▶ [Description of the task]: In the entries that follow, find the line containing "- by rewrite eAB unitary_conjM // ABA."; from there, copy every line exactly through the line containing "Lemma is_pinv_block_unit r".

▶ [Collected data entries]:
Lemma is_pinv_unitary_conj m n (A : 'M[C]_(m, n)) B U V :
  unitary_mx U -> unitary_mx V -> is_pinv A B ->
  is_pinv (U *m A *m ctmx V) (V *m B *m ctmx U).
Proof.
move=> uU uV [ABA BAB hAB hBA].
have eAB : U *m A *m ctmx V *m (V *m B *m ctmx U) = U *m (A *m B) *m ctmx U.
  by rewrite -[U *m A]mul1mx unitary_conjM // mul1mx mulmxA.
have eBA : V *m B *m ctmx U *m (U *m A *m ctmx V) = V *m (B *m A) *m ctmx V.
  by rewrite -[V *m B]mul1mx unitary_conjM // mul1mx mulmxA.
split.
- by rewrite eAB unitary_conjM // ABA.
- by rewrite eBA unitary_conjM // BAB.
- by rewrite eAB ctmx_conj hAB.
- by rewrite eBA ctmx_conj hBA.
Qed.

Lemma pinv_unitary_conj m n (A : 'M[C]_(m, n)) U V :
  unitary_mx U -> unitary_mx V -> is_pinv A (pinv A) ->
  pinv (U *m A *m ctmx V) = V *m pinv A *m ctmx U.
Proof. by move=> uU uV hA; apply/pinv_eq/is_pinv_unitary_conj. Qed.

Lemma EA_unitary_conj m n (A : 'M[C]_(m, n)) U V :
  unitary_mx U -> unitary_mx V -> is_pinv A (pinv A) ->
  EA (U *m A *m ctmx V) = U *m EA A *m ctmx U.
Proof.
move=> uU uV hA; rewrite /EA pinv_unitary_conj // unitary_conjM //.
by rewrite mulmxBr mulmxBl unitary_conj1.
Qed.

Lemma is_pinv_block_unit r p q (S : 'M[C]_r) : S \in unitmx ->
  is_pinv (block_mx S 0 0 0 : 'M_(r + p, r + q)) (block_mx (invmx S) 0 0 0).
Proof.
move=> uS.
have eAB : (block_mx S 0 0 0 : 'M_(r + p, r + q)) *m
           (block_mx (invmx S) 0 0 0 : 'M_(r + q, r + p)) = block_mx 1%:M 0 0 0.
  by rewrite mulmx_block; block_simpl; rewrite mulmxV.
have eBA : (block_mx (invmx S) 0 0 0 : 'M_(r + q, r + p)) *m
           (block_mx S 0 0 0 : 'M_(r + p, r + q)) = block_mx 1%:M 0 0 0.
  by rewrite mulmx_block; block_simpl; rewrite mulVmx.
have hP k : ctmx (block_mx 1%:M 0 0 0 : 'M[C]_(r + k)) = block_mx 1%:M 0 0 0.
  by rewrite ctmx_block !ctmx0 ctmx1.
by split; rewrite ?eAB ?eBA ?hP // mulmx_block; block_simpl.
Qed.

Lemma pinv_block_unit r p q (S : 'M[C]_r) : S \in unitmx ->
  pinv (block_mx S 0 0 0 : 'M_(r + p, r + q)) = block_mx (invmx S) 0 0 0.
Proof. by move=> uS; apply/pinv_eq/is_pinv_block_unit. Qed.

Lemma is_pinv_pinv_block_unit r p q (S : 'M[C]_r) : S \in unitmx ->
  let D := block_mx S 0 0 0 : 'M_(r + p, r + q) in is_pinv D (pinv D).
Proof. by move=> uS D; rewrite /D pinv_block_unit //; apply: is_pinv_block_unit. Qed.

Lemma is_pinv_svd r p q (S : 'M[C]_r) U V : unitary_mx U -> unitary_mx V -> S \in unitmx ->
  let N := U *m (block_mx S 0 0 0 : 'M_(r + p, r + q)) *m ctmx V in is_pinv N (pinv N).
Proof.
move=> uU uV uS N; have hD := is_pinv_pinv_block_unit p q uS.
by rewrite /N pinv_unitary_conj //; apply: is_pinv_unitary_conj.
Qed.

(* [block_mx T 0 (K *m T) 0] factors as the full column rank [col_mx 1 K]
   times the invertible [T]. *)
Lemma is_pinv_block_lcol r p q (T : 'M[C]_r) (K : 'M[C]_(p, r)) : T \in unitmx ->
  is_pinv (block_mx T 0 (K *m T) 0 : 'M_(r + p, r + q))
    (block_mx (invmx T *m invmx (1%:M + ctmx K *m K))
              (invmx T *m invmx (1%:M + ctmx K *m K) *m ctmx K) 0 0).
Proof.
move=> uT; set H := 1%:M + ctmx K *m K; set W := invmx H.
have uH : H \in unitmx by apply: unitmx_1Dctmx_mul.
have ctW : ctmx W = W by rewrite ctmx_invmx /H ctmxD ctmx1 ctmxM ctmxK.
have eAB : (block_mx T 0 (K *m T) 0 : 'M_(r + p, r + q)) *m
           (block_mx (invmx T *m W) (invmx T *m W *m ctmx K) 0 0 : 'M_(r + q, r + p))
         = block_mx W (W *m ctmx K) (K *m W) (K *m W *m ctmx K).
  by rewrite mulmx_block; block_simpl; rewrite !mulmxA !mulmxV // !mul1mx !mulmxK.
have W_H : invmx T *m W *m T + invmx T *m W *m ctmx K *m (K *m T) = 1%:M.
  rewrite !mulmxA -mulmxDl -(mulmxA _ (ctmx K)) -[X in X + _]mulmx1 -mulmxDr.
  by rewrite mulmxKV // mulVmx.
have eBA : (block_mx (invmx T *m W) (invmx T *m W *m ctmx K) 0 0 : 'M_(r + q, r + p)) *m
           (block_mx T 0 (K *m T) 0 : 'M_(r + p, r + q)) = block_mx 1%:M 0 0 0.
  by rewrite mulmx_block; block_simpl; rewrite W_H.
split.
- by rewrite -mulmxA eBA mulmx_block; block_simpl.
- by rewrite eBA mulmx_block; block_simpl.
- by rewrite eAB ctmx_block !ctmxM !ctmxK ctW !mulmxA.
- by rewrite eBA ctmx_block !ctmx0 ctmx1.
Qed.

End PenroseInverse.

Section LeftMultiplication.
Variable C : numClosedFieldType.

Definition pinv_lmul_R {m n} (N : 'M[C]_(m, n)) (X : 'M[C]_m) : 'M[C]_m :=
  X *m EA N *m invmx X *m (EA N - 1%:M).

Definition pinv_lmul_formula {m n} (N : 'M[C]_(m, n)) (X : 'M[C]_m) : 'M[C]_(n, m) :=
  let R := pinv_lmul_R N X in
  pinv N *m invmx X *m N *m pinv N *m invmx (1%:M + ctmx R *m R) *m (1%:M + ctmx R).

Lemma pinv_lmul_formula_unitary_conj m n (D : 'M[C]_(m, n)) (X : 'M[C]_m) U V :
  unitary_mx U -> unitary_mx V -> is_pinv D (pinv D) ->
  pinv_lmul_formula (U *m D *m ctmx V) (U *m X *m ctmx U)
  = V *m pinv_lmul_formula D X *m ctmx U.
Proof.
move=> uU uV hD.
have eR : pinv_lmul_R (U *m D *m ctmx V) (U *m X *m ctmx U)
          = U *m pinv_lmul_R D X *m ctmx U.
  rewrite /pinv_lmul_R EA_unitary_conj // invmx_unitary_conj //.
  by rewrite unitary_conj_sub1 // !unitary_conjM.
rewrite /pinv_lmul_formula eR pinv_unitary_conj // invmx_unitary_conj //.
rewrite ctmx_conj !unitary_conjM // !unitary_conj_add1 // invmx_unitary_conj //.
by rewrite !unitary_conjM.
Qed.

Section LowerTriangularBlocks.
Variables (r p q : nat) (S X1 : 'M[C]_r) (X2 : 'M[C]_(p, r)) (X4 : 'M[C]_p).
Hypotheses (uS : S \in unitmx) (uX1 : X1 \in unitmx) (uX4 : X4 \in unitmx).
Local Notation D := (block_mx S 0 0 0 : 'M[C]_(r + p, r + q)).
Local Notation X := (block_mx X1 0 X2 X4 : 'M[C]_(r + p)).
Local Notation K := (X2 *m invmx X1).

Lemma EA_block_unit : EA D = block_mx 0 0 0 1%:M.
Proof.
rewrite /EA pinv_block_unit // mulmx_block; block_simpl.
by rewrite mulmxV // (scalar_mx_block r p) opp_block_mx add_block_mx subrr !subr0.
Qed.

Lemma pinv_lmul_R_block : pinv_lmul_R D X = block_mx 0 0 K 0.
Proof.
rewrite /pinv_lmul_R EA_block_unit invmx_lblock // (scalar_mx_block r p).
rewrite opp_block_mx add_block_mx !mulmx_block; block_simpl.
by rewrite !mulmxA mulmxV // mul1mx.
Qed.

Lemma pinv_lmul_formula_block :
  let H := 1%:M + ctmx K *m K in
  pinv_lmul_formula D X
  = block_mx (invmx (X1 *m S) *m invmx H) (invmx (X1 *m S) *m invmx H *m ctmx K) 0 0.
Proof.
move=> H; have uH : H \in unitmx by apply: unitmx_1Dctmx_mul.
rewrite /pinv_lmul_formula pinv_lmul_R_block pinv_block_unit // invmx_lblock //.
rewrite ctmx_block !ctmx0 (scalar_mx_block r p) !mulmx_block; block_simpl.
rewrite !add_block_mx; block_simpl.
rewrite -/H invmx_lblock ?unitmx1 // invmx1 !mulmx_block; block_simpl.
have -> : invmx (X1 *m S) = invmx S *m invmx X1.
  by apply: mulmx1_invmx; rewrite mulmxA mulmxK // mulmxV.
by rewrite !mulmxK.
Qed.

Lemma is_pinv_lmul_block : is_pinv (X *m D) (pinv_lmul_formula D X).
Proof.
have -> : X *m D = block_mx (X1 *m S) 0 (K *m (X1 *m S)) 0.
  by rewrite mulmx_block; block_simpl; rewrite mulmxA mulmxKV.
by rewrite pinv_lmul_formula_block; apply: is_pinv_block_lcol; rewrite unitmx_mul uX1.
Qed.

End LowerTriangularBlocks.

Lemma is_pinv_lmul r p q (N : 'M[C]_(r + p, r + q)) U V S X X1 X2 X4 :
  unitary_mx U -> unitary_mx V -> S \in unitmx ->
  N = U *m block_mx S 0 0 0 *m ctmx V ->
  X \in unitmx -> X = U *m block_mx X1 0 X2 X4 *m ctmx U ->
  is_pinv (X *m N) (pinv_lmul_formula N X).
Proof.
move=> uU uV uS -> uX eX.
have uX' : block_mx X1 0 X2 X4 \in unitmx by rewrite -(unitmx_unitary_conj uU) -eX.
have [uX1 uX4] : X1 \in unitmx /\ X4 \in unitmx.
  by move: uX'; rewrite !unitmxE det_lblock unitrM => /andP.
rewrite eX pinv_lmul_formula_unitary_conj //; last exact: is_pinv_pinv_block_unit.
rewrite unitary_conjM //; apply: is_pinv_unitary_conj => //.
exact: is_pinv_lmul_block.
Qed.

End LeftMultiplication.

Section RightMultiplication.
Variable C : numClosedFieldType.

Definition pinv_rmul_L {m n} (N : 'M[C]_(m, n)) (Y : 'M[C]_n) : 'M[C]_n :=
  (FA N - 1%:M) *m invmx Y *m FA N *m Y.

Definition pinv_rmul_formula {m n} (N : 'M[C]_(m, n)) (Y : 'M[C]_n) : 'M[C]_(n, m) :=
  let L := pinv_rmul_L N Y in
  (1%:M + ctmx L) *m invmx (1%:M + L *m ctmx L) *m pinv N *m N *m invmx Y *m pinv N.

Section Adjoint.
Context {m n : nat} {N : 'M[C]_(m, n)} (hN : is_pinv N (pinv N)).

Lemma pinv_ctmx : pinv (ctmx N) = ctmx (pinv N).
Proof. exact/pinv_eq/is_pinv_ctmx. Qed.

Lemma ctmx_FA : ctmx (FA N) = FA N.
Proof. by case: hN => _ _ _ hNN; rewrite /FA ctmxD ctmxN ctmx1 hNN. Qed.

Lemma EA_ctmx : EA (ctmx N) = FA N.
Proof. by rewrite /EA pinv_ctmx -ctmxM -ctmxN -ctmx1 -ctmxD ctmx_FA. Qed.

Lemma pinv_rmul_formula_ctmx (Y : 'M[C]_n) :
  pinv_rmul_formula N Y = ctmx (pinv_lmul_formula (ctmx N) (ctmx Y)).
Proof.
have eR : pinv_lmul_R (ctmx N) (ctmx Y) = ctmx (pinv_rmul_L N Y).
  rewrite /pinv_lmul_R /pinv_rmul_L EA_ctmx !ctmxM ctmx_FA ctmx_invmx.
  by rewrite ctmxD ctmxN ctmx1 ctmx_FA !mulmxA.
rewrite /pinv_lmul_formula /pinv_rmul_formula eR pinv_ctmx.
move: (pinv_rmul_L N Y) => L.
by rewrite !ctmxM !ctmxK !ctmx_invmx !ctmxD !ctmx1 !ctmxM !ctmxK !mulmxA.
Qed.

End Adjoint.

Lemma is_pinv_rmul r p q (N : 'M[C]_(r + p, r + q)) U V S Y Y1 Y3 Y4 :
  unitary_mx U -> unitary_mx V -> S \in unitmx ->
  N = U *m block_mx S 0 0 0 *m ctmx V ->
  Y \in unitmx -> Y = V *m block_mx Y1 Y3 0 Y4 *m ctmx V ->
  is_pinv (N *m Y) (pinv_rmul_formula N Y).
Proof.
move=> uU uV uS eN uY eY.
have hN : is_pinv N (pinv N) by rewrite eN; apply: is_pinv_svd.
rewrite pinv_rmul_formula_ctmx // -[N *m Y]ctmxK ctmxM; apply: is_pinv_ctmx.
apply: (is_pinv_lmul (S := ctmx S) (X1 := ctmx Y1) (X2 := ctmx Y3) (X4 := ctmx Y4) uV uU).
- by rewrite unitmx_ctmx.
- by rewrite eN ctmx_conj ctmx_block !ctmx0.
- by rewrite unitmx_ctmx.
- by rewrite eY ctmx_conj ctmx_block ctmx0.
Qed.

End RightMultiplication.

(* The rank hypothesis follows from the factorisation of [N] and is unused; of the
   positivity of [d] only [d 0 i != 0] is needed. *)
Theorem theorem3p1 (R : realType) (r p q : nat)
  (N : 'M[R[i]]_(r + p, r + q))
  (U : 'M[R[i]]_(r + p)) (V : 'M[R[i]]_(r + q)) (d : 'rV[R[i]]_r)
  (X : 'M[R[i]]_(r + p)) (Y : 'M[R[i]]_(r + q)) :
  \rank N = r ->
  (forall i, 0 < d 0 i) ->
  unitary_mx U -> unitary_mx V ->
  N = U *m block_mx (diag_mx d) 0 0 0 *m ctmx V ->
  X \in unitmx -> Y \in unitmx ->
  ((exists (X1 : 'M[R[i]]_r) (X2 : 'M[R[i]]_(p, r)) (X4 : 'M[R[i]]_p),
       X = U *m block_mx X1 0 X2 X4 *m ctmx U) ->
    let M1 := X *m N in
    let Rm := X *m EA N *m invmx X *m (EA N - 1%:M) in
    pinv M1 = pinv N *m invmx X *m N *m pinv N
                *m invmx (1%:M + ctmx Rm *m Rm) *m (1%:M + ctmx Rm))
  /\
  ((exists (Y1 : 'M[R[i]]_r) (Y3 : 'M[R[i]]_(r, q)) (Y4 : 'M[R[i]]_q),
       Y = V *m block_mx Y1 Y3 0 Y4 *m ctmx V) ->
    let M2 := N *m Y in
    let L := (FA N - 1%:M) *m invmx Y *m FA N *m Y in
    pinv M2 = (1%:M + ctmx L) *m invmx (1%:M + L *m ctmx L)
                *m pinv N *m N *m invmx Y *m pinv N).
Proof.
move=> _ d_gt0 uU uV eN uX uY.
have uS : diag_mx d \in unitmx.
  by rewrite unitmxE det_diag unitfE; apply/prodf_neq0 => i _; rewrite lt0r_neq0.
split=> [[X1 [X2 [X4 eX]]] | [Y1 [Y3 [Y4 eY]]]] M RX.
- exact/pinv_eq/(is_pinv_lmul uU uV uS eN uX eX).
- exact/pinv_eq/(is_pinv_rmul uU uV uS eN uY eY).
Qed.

▶ [Reply]:
- by rewrite eAB unitary_conjM // ABA.
- by rewrite eBA unitary_conjM // BAB.
- by rewrite eAB ctmx_conj hAB.
- by rewrite eBA ctmx_conj hBA.
Qed.

Lemma pinv_unitary_conj m n (A : 'M[C]_(m, n)) U V :
  unitary_mx U -> unitary_mx V -> is_pinv A (pinv A) ->
  pinv (U *m A *m ctmx V) = V *m pinv A *m ctmx U.
Proof. by move=> uU uV hA; apply/pinv_eq/is_pinv_unitary_conj. Qed.

Lemma EA_unitary_conj m n (A : 'M[C]_(m, n)) U V :
  unitary_mx U -> unitary_mx V -> is_pinv A (pinv A) ->
  EA (U *m A *m ctmx V) = U *m EA A *m ctmx U.
Proof.
move=> uU uV hA; rewrite /EA pinv_unitary_conj // unitary_conjM //.
by rewrite mulmxBr mulmxBl unitary_conj1.
Qed.

Lemma is_pinv_block_unit r p q (S : 'M[C]_r) : S \in unitmx ->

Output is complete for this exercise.